Hamiltonian of spin 1/2 in tangential magnetic field

[johnsmi]

Hi,
I have this article in which I saw that for a spin 1/2 particle confined to move along a ring positiond in a magnetic field with a z and \varphi

The Hamiltonian is given by: (in second attacment)
What I do not understand is how do you get the last term in the Hamiltonian.

Any help?

Thanks in advance

 

[xepma]

It comes from the standard spin-orbit coupling between the particle's magnetic moment, usually written as -\mathbf{\mu}_0\cdot \mathbf{B}. You can find a treatment on this in any book on quantum mechanics.

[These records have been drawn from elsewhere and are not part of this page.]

Definition simple_refl (k : nat) (x : coords) : coords :=
  let: (a, b, c, e) := x in
  match k with
  | 1%N => let t := (a - b - c - e) / 2 in (a - t, b + t, c + t, e + t)
  | 2%N => (a, - b, c, e)
  | 3%N => (a, c, b, e)
  | 4%N => (a, b, e, c)
  | _ => x
  end.

Lemma beta_vec_of i : (0 < i <= 4)%N -> beta i = vec_of (beta_coords i).
Proof. by case: i => [|[|[|[|[|i]]]]]. Qed.

Lemma vec_of_inj : injective vec_of.
Proof.
move=> [[[a b] c] e] [[[a' b'] c'] e'] /rowP eq_ab.
move: (eq_ab 0%R) (eq_ab 1%R) (eq_ab 2%R) (eq_ab 3%R).
by rewrite !mxE /= => -> -> -> ->.
Qed.

Lemma dot_mkvec a b c e a' b' c' e' :
  dot (mkvec a b c e) (mkvec a' b' c' e') = a * a' + b * b' + c * c' + e * e'.
Proof. by rewrite /dot !mxE !big_ord_recr big_ord0 /= !mxE /= add0r. Qed.

Lemma refl_vec_of k x :
  (0 < k <= 4)%N -> refl (beta k) (vec_of x) = vec_of (simple_refl k x).
Proof.
case: x => [[[a b] c] e]; case: k => [|[|[|[|[|k]]]]] // _;
  rewrite /refl /= !dot_mkvec; apply/rowP => m; rewrite !mxE;
  by case: m => [[|[|[|[|m]]]] lt_m4] //=; field.
Qed.

Lemma wact_vec_of u x :
  valid_word u -> wact u (vec_of x) = vec_of (foldr simple_refl x u).
Proof. by elim: u => [|k u IH] //= /andP [le_k4 /IH ->]; rewrite refl_vec_of. Qed.

(* The letters 1..4 stand for r_1..r_4 and 5..8 for e_1..e_4. *)
Definition br_rules : seq (seq nat * seq nat) := [::
  ([:: 1; 1], [::]); ([:: 2; 2], [::]); ([:: 3; 3], [::]); ([:: 4; 4], [::]);
  ([:: 1; 5], [:: 5]); ([:: 5; 1], [:: 5]); ([:: 2; 6], [:: 6]); ([:: 6; 2], [:: 6]);
  ([:: 3; 7], [:: 7]); ([:: 7; 3], [:: 7]); ([:: 4; 8], [:: 8]); ([:: 8; 4], [:: 8]);
  ([:: 1; 3], [:: 3; 1]); ([:: 5; 3], [:: 3; 5]); ([:: 7; 1], [:: 1; 7]);
  ([:: 1; 4], [:: 4; 1]); ([:: 5; 4], [:: 4; 5]); ([:: 8; 1], [:: 1; 8]);
  ([:: 2; 4], [:: 4; 2]); ([:: 6; 4], [:: 4; 6]); ([:: 8; 2], [:: 2; 8]);
  ([:: 1; 2; 1], [:: 2; 1; 2]); ([:: 1; 6; 1], [:: 2; 5; 2]);
  ([:: 3; 4; 3], [:: 4; 3; 4]); ([:: 3; 8; 3], [:: 4; 7; 4]);
  ([:: 2; 3; 2; 3], [:: 3; 2; 3; 2]); ([:: 2; 3; 6], [:: 3; 6]);
  ([:: 2; 3; 2; 7], [:: 7; 2; 3; 2]); ([:: 6; 3; 2], [:: 6; 3])]%N.

(* The root x = v beta_c is recorded as (x, (v, c)). *)
Definition root_table : seq (coords * (seq nat * nat)) := [::
  ((-1, -1, 0, 0)%R, ([:: 2; 3; 4; 1; 2; 3], 3));
  ((-1, 0, -1, 0)%R, ([:: 3; 2; 3; 4; 1; 2; 3], 3));
  ((-1, 0, 0, -1)%R, ([:: 4; 3; 2; 3; 4; 1; 2; 3], 3));
  ((-1, 0, 0, 0)%R, ([:: 1; 2; 3; 4; 2; 3; 2; 1], 1));
  ((-1, 0, 0, 1)%R, ([:: 1; 2; 3], 3));
  ((-1, 0, 1, 0)%R, ([:: 4; 1; 2; 3], 3));
  ((-1, 1, 0, 0)%R, ([:: 3; 4; 1; 2; 3], 3));
  ((-(1/2), -(1/2), -(1/2), -(1/2))%R, ([:: 2; 3; 4; 2; 3; 2; 1], 1));
  ((-(1/2), -(1/2), -(1/2), 1/2)%R, ([:: 2; 3; 2; 1], 1));
  ((-(1/2), -(1/2), 1/2, -(1/2))%R, ([:: 4; 2; 3; 2; 1], 1));
  ((-(1/2), -(1/2), 1/2, 1/2)%R, ([:: 2; 1], 1));
  ((-(1/2), 1/2, -(1/2), -(1/2))%R, ([:: 3; 4; 2; 3; 2; 1], 1));
  ((-(1/2), 1/2, -(1/2), 1/2)%R, ([:: 3; 2; 1], 1));
  ((-(1/2), 1/2, 1/2, -(1/2))%R, ([:: 4; 3; 2; 1], 1));
  ((-(1/2), 1/2, 1/2, 1/2)%R, ([:: 1], 1));
  ((0, -1, -1, 0)%R, ([:: 2; 3], 3));
  ((0, -1, 0, -1)%R, ([:: 4; 2; 3], 3));
  ((0, -1, 0, 0)%R, ([:: 2], 2));
  ((0, -1, 0, 1)%R, ([:: 4], 3));
  ((0, -1, 1, 0)%R, ([::], 3));
  ((0, 0, -1, -1)%R, ([:: 3; 4; 2; 3], 3));
  ((0, 0, -1, 0)%R, ([:: 3; 2], 2));
  ((0, 0, -1, 1)%R, ([::], 4));
  ((0, 0, 0, -1)%R, ([:: 4; 3; 2], 2));
  ((0, 0, 0, 1)%R, ([:: 4; 3], 2));
  ((0, 0, 1, -1)%R, ([:: 4], 4));
  ((0, 0, 1, 0)%R, ([:: 3], 2));
  ((0, 0, 1, 1)%R, ([:: 3; 4; 2], 3));
  ((0, 1, -1, 0)%R, ([:: 3], 3));
  ((0, 1, 0, -1)%R, ([:: 4; 3], 3));
  ((0, 1, 0, 0)%R, ([::], 2));
  ((0, 1, 0, 1)%R, ([:: 4; 2], 3));
  ((0, 1, 1, 0)%R, ([:: 2], 3));
  ((1/2, -(1/2), -(1/2), -(1/2))%R, ([::], 1));
  ((1/2, -(1/2), -(1/2), 1/2)%R, ([:: 4; 3; 2], 1));
  ((1/2, -(1/2), 1/2, -(1/2))%R, ([:: 3; 2], 1));
  ((1/2, -(1/2), 1/2, 1/2)%R, ([:: 3; 4; 2; 3; 2], 1));
  ((1/2, 1/2, -(1/2), -(1/2))%R, ([:: 2], 1));
  ((1/2, 1/2, -(1/2), 1/2)%R, ([:: 4; 2; 3; 2], 1));
  ((1/2, 1/2, 1/2, -(1/2))%R, ([:: 2; 3; 2], 1));
  ((1/2, 1/2, 1/2, 1/2)%R, ([:: 2; 3; 4; 2; 3; 2], 1));
  ((1, -1, 0, 0)%R, ([:: 3; 4; 1; 2], 3));
  ((1, 0, -1, 0)%R, ([:: 4; 1; 2], 3));
  ((1, 0, 0, -1)%R, ([:: 1; 2], 3));
  ((1, 0, 0, 0)%R, ([:: 1; 2; 3; 4; 2; 3; 2], 1));
  ((1, 0, 0, 1)%R, ([:: 4; 3; 2; 3; 4; 1; 2], 3));
  ((1, 0, 1, 0)%R, ([:: 3; 2; 3; 4; 1; 2], 3));
  ((1, 1, 0, 0)%R, ([:: 2; 3; 4; 1; 2], 3))].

Here, \mathbf{\mu}_0 is the magnetic moment of the spin-1/2 particle (not equal to the \mu used in your text)

Now, to obtain the form they use you use the fact that you are dealing with spin-1/2. In that case the magnetic moment \mathbf{\mu}_0 can be written as -\mu \mathbf{S}/\hbar, where \mu is, again, called the magnetic moment (confusing!). Furthermore, \mathbf{S} is the spin operator which for spin-1/2 particles can be represented by the pauli matrices:

\mathbf{S} = (S_x,S_y,S_z) = \frac{\hbar}{2}(\sigma_x,\sigma_y,\sigma_z)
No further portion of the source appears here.